Ровно через десять минут ситуация повторилась с разницей лишь в звании недоумевающего офицера.
– Вальдар Реймондович, возможно ли это? Что бы сие могло означать?
– Большой политик, – развел руками я. – Не нам его обсуждать. Наше дело – неукоснительно выполнять свой долг.
– Вы правы, друг мой, совершенно правы. Но все же это какое-то, какой-то… – Он не нашелся, что сказать, и, махнув рукой, отъехал, чтобы скрыть внезапно подступившие к глазам слезы.
Казань встречала войска. Они возвращались без победы, но в глазах провинциальных мадам и мамзелей окутанные военной славой с ног до головы, подобно танцовщице, исполняющей танец семи покрывал. «Ура!» – кричало местное население, встречая зелено-красные мундиры стрелков, марширующих по центральной улице с примкнутыми к ружьям штыками. «Ура!» – встречали они синие кафтаны драгун. «Ура! – неслось над флюгерками пугачевских пик. – Да здравствует государь император!

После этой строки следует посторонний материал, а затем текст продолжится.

(* Let $k\ge2$, let $b$ be an irreducible Brauer diagram of size $k$ (i.e. $\mathrm{nc}(b\vee\mathbf{1}_k)=1$), and let $1\le i\ne j\le k$ and $e=e_{ij}$. Then $\mathrm{nc}(e\vee b)-\mathrm{nc}(b\vee\mathbf{1}_k)\in\{0,1\}$, and $\mathrm{nc}(e\vee b)=\mathrm{nc}(b\vee\mathbf{1}_k)+1$ if and only if $s(i)s(j)=-1$ for any orientation $s$ of $b$.
   Context: A Brauer diagram of size $k$ is a partition of $\{1,\dots,k,1',\dots,k'\}$ into two-element blocks (links). For partitions, $\vee$ is the join (finest common coarsening) and $\mathrm{nc}$ the number of blocks; $\mathbf{1}_k=\{\{x,x'\}:x\le k\}$. The projector $e_{ij}$ is the Brauer diagram $\{\{i,j\},\{i',j'\}\}\cup\{\{x,x'\}:x\ne i,j\}$. Orientation: let $\Gamma_b$ be the graph with vertices $\{1,\dots,k,1',\dots,k'\}$ whose edges are the links of $b$ together with the vertical edges $\{x,x'\}$, $x\le k$; each connected component is a cycle. An orientation of $b$ is a choice of orientation of each cycle of $\Gamma_b$; its sign function $s:\{1,\dots,k\}\to\{-1,1\}$ is $s(x)=1$ if the link of $b$ containing $x$ is incoming at $x$ for the chosen orientation, and $s(x)=-1$ otherwise. *)

From mathcomp Require Import all_boot all_order all_algebra.
Set Implicit Arguments. Unset Strict Implicit. Unset Printing Implicit Defensive.

Section Brauer.
Variable k : nat.

(* vertices {1..k} (top, inl) and {1'..k'} (bottom, inr); 0-based indices *)
Definition vert := ('I_k + 'I_k)%type.
Definition top (x : 'I_k) : vert := inl x.
Definition bot (x : 'I_k) : vert := inr x.
Definition vidx (v : vert) : 'I_k := match v with inl x => x | inr x => x end.

Definition is_partition (P : {set {set vert}}) := partition P [set: vert].

Definition is_brauer (b : {set {set vert}}) :=
  is_partition b /\ (forall L, L \in b -> #|L| = 2).

Definition pjoin (P Q : {set {set vert}}) : {set {set vert}} :=
  equivalence_partition
    (connect (fun x y => (pblock P x == pblock P y) || (pblock Q x == pblock Q y)))
    [set: vert].

Definition nc (P : {set {set vert}}) : nat := #|P|.

Definition one_k : {set {set vert}} := [set [set top x; bot x] | x : 'I_k].

Definition e_proj (i j : 'I_k) : {set {set vert}} :=
  [set [set top i; top j]; [set bot i; bot j]]
  :|: [set [set top x; bot x] | x in [set x : 'I_k | (x != i) && (x != j)]].

(* An orientation of b: a direction (head) for every edge of Gamma_b
   (hl L = head of link L, hv x = head of vertical edge {x,x'}) such that
   every cycle is a directed cycle, i.e. at every vertex exactly one of its
   two incident edges is incoming. *)
Definition is_orientation (b : {set {set vert}}) (hl : {set vert} -> vert)
  (hv : 'I_k -> vert) :=
  [/\ forall L, L \in b -> hl L \in L,
      forall x, hv x = top x \/ hv x = bot x
    & forall v, (hl (pblock b v) == v) (+) (hv (vidx v) == v)].

Definition orient_sign (b : {set {set vert}}) (hl : {set vert} -> vert)
  (x : 'I_k) : int :=
  if hl (pblock b (top x)) == top x then 1%Z else (-1)%Z.

End Brauer.

From mathcomp Require Import all_boot all_algebra zify.
Set Implicit Arguments. Unset Strict Implicit. Unset Printing Implicit Defensive.

(* Irreducibility says that Γ_b is a single cycle, which an orientation turns
   into the orbit of the successor map [next].  In e ∨ b every vertex is joined
   to i or i', so nc(e ∨ b) is 1 or 2 according as i and i' are joined.
   Deleting the vertical edges at i and j cuts the cycle into an arc from the
   head of {i,i'} to the tail of {j,j'} and an arc from the head of {j,j'} to
   the tail of {i,i'}, whose four ends are reconnected by the links {i,j} and
   {i',j'} of e.  If the heads at i and j lie on the same side (s(i) = s(j)),
   these links merge the two arcs into one cycle through i and i'.  Otherwise
   each link closes up one arc, and membership in the first arc is invariant
   under e ∨ b but separates i from i'. *)

Lemma pblock_unique (T : finType) (P : {set {set T}}) x B :
  B \in P -> x \in B -> (forall B', B' \in P -> x \in B' -> B' = B) ->
  pblock P x = B.
Proof.
move=> PB xB uniqB; rewrite /pblock; case: pickP => [B' /andP[PB' xB'] | /(_ B)].
  exact: uniqB.
by rewrite /= PB xB.
Qed.

Lemma card2_mem (T : finType) (L : {set T}) x y z :
  #|L| = 2 -> x \in L -> y \in L -> z \in L -> x != y -> z = x \/ z = y.
Proof.
move/eqP/cards2P=> [a [c [_ ->]]]; rewrite !inE.
by do 3![case/orP=> /eqP->]; rewrite ?eqxx //; auto.
Qed.

Section ConnectClasses.
Variables (T : finType) (R : rel T).
Local Notation classes := (equivalence_partition (connect R) [set: T]).

Lemma connect_of_card_classes1 : #|classes| = 1 -> forall x y, connect R x y.
Proof.
move=> /eqP/cards1P[B classesE] x y.
have class_in z : [set w in [set: T] | connect R z w] \in [set B].
  by rewrite -classesE; apply: imset_f.
move: (class_in x) (class_in y); rewrite !inE => /eqP Ex /eqP Ey.
have : y \in [set w in [set: T] | connect R y w] by rewrite !inE connect0.
by rewrite Ey -Ex !inE.
Qed.

Lemma card_classes_two a c : symmetric R ->
  (forall x, connect R x a || connect R x c) ->
  #|classes| = if connect R a c then 1 else 2.
Proof.
move=> symR near_ac; have csym := sym_connect_sym symR.
set cls := fun x => [set y in [set: T] | connect R x y].
have clsE x y : connect R x y -> cls x = cls y.
  move=> xy; apply/setP => z; rewrite !inE /=; apply/idP/idP => [xz|].
    by apply: connect_trans xz; rewrite csym.
  exact: connect_trans.
have -> : classes = [set cls a; cls c].
  apply/setP => B; rewrite !inE; apply/imsetP/idP => [[x _ ->]|].
    by rewrite -/(cls x); case/orP: (near_ac x) => /clsE ->; rewrite eqxx ?orbT.
  by case/orP => /eqP ->; [exists a | exists c].
rewrite cards2; case: ifPn => [/clsE -> | nac]; first by rewrite eqxx.
suff -> : cls a != cls c by [].
apply: contraNneq nac => Eac.
have : c \in cls c by rewrite !inE connect0.
by rewrite -Eac !inE.
Qed.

Да здравствует императрица Екатерина!»
– Эк встречают. – Пугачев склонился к верному «енералу Закревскому», как обычно, скакавшему по леву руку от него. – Любит меня народ. Вишь, как любит!
– Так об чем речь, – ухмылялся Лис. – Этому народу только дай кого полюбить. Эт-то ты, ваш личество, еще с губернатором не беседовал. Тот просто аж на дерьмо изошел из любви к тебе.
– Эх, голова ты, Лис, а слова говоришь нехорошие. Все «дерьмо», «дерьмо». Вон народ-то как ликует. А о губернаторе не напоминай, я и сам помню. Н-но, поехали!
«Ура! Ура!» – не стихало вокруг.
– Ты что ж, сучий сын, – кулак Пугачева врезался в губернаторское ухо, – города сдаешь?! Царевых полковников в тычки выгоняешь?! – Могучая атаманская рука подхватила увесистую тушку сановника и приподняла ее над полом. – Я ж тебя, лиходея, в железа закую, своей собственной рукой кнутом запорю!
– Да я ведь… – пытался оправдываться истязаемый.
– Я что тебе, псу зазорному, велел слово молвить?! Молчи, боров смердящий! В Урал-камень с кайлом пойдешь, душа твоя каторжная!
– Пойдемте, Иван Иванович, пойдемте. – Я начал тихо подталкивать полковника Михельсона к двери. – Пугачев тут сам управится. А когда их превосходительство очухается, негоже им помнить, что вы неподалеку были, когда ему «Петр III» свое высочайшее неудовольствие выражал. Обязательно ведь в тайную канцелярию донос настрочит. – Мы вышли из кабинета.
– …И вот тогда Наташа спрашивает: «Поручик, где вы пропадали?» – слышался из зала восхищенный голос Лиса. – А вы ей в ответ: «Мадемуазель, я спешил обнять своего старого друга, с которым сегодня же вечером надеюсь познакомить и вас».
– Да ну что вы, сотник, все было совершенно не так! Никакой Наташи Ростовой там и в помине не было. Как сейчас помню, девушку звали Татьяна Ларина. Ни по какой нужде я не выходил. А друг… Да, действительно, поутру с депешей прискакал мой старый друг князь Лобанов-Ростовский. Днем он должен был находиться в штабе, а ввечеру пожаловать ко мне в гости. Не пойму, что тут смешного? Вот лучше послушайте, что я вам расскажу…
Глава двадцать первая
Дипломатия – искусство поглаживать пса, пока не нацепишь на него ошейник.
Уж и не знаю, как себе представляла императрица секретную доставку Пугачева со старшиной к месту переговоров. Даже если не учитывать природных дарований Лиса, в котором талант шоумена бодрствовал двадцать четыре часа в сутки и который превращал однообразно унылые дорожные будни в весьма живописное времяпрепровождение, даже не учитывая этого, тяжело не заметить кортеж, растянувшийся вместе с обозом едва ли не на полторы версты.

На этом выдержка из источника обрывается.